== Exercise ==
Once the line containing "- rewrite ger0_norm" is found in the data below, output that line and every line after it through the last, unchanged and with nothing else.

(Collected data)
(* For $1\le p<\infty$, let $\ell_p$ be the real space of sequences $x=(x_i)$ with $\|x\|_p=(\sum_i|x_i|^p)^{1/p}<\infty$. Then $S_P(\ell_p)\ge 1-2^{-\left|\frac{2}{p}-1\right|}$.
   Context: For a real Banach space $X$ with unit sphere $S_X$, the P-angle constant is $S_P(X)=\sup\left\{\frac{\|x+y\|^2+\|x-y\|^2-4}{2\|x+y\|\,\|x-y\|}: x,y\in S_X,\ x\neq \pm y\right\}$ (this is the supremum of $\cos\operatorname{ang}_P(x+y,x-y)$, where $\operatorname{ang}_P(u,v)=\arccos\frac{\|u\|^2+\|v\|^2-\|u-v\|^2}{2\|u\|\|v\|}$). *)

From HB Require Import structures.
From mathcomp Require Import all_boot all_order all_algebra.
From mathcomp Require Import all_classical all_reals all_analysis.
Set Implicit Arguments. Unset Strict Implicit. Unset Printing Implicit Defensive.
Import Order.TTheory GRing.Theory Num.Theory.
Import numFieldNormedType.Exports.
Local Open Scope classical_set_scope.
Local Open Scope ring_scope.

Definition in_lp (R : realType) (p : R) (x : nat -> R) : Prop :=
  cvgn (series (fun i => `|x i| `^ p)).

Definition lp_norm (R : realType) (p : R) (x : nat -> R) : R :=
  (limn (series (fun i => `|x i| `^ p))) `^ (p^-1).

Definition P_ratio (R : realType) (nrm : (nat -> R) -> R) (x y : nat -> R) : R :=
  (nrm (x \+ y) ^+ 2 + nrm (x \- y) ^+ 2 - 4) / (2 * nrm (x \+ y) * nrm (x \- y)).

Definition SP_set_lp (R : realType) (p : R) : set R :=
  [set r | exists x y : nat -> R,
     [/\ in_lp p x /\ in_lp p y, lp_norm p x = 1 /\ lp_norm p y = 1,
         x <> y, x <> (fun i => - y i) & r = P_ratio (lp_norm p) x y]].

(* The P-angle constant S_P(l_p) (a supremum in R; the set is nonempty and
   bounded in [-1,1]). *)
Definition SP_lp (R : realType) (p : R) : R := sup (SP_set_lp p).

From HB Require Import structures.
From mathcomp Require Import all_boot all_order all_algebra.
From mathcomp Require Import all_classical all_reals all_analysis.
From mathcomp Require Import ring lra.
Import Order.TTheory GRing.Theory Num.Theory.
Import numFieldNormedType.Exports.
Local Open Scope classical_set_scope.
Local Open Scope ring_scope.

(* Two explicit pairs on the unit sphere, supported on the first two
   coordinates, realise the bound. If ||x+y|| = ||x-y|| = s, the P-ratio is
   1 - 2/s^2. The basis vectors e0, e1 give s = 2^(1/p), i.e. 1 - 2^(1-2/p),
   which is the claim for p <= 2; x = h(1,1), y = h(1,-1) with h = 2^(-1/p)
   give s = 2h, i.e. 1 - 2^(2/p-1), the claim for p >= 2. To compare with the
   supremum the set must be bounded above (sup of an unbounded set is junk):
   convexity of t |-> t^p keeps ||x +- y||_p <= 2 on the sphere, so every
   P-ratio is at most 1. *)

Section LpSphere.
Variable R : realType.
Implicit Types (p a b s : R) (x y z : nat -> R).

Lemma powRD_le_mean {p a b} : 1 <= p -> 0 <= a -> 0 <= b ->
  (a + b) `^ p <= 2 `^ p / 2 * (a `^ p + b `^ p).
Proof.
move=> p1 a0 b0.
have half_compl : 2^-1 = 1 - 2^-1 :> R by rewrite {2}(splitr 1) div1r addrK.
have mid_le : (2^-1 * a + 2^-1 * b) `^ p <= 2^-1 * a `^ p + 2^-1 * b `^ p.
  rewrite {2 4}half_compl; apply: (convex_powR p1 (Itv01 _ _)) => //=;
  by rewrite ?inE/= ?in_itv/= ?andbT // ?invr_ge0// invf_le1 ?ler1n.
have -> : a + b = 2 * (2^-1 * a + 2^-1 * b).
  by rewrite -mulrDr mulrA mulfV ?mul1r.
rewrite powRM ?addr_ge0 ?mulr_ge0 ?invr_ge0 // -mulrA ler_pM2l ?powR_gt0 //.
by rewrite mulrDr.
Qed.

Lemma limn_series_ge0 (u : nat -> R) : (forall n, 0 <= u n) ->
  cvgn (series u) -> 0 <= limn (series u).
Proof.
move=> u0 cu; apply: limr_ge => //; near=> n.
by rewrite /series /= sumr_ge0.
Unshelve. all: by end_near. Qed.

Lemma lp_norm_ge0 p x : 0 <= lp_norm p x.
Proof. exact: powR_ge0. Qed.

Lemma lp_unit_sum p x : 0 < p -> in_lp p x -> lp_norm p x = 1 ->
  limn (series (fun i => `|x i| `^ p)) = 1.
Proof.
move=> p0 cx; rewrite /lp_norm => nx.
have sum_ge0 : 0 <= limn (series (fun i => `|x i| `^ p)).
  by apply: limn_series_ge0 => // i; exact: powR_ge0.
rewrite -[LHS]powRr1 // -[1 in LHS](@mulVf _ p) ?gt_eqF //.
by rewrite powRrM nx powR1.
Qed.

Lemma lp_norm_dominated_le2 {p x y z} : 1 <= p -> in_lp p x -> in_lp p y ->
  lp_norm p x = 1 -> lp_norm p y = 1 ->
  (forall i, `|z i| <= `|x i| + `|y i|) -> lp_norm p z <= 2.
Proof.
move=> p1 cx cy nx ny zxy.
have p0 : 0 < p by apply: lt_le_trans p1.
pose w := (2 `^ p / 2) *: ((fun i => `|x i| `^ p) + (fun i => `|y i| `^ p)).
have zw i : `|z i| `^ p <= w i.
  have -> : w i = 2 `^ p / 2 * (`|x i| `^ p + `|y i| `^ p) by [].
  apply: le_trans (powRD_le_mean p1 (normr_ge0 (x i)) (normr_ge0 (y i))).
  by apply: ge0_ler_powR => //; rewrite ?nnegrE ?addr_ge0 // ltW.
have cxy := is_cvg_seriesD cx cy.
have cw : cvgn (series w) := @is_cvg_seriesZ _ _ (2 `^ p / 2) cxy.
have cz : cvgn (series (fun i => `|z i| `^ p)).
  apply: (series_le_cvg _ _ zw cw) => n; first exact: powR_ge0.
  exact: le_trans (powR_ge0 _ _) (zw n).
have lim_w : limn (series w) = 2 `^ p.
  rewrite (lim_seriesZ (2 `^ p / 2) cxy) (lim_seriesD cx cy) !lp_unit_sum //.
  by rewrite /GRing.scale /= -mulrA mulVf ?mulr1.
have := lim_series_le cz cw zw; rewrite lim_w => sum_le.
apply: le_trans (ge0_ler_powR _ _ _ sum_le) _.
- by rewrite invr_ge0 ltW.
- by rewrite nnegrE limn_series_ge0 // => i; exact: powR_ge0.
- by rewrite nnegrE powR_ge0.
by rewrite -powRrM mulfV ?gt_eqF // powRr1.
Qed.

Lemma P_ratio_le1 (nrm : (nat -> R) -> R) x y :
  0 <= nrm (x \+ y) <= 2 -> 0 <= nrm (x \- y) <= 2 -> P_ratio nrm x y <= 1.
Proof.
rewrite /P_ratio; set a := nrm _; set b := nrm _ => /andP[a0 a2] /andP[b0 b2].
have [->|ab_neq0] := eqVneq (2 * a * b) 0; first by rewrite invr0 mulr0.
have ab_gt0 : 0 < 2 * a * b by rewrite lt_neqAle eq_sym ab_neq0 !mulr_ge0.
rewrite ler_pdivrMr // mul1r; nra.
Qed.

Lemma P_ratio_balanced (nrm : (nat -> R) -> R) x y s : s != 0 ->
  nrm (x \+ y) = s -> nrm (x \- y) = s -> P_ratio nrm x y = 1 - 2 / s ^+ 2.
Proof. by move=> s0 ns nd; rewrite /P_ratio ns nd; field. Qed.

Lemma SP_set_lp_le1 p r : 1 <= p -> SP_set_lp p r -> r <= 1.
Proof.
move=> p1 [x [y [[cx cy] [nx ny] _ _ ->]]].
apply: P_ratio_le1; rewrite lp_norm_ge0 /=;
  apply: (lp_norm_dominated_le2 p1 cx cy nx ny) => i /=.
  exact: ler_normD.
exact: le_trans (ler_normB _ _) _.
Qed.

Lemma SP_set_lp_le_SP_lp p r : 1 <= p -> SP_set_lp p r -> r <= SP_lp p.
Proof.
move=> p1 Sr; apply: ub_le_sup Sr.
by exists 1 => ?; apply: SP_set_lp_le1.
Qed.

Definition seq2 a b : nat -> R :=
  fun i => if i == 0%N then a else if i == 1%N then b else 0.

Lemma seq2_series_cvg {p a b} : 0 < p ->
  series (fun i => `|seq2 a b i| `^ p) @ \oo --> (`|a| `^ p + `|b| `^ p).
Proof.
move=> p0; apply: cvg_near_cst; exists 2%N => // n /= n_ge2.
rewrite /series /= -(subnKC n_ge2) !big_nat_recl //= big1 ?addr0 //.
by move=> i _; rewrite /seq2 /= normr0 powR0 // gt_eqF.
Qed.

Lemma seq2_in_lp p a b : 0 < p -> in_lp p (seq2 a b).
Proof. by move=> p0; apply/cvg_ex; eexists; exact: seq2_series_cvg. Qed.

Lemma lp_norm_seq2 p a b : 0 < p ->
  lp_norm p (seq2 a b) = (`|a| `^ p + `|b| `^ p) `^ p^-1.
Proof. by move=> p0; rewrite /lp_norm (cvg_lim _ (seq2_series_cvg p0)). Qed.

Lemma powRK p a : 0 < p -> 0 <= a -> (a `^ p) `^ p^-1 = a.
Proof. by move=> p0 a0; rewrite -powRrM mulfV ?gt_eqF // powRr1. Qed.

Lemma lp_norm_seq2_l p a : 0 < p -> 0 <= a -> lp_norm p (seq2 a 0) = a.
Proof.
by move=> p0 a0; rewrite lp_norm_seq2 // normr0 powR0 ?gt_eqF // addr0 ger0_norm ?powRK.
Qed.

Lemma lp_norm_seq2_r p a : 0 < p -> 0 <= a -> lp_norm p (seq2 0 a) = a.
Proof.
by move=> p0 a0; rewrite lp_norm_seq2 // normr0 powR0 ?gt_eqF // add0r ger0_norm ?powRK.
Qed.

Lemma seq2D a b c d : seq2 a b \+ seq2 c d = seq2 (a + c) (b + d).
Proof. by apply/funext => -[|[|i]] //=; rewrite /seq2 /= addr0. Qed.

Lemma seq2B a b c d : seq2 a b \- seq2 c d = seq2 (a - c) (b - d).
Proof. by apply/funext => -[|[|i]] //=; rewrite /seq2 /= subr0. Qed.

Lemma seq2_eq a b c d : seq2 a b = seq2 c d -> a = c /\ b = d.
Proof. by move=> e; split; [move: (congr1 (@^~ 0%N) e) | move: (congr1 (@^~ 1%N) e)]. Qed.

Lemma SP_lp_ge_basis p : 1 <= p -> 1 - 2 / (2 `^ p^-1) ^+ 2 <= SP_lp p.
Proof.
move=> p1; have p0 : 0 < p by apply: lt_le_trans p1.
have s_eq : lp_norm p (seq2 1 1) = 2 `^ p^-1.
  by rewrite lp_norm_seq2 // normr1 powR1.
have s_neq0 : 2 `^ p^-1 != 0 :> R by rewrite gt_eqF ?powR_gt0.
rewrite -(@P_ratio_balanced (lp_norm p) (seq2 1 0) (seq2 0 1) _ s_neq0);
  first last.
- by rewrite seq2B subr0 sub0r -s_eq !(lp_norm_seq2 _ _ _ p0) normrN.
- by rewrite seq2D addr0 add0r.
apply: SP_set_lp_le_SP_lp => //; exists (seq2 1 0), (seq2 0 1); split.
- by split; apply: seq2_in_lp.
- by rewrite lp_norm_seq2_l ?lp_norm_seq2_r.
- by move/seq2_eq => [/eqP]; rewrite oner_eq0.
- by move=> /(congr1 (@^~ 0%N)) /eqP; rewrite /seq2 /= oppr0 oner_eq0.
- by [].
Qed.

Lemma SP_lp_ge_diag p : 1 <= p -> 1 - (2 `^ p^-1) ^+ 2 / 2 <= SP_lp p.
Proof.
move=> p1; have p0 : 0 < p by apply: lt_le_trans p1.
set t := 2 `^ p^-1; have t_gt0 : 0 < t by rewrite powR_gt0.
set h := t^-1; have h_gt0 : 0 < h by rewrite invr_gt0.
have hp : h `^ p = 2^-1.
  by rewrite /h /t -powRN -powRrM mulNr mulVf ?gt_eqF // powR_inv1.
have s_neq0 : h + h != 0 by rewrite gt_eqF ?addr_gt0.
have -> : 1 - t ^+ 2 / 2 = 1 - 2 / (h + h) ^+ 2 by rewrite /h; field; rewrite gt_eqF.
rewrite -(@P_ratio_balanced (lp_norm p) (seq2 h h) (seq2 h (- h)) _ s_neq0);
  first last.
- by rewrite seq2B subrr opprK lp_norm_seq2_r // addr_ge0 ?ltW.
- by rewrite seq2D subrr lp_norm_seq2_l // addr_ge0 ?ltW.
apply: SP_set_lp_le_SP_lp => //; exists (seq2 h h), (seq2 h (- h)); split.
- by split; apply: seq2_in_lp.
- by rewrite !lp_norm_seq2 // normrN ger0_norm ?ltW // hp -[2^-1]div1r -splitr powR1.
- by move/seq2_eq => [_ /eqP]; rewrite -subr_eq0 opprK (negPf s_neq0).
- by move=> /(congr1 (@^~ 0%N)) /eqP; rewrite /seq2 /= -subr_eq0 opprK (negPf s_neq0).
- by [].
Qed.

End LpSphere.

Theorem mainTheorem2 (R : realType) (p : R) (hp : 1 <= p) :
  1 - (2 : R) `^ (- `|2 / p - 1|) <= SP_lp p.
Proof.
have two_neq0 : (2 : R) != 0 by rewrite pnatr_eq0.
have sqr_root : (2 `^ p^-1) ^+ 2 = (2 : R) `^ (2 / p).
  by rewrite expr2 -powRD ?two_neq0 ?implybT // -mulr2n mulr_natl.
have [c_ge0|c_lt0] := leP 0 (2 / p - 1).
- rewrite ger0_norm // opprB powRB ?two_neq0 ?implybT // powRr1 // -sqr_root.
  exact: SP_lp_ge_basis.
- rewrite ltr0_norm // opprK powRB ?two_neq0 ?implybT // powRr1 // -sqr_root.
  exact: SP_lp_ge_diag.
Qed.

== Output for this exercise ==
- rewrite ger0_norm // opprB powRB ?two_neq0 ?implybT // powRr1 // -sqr_root.
  exact: SP_lp_ge_basis.
- rewrite ltr0_norm // opprK powRB ?two_neq0 ?implybT // powRr1 // -sqr_root.
  exact: SP_lp_ge_diag.
Qed.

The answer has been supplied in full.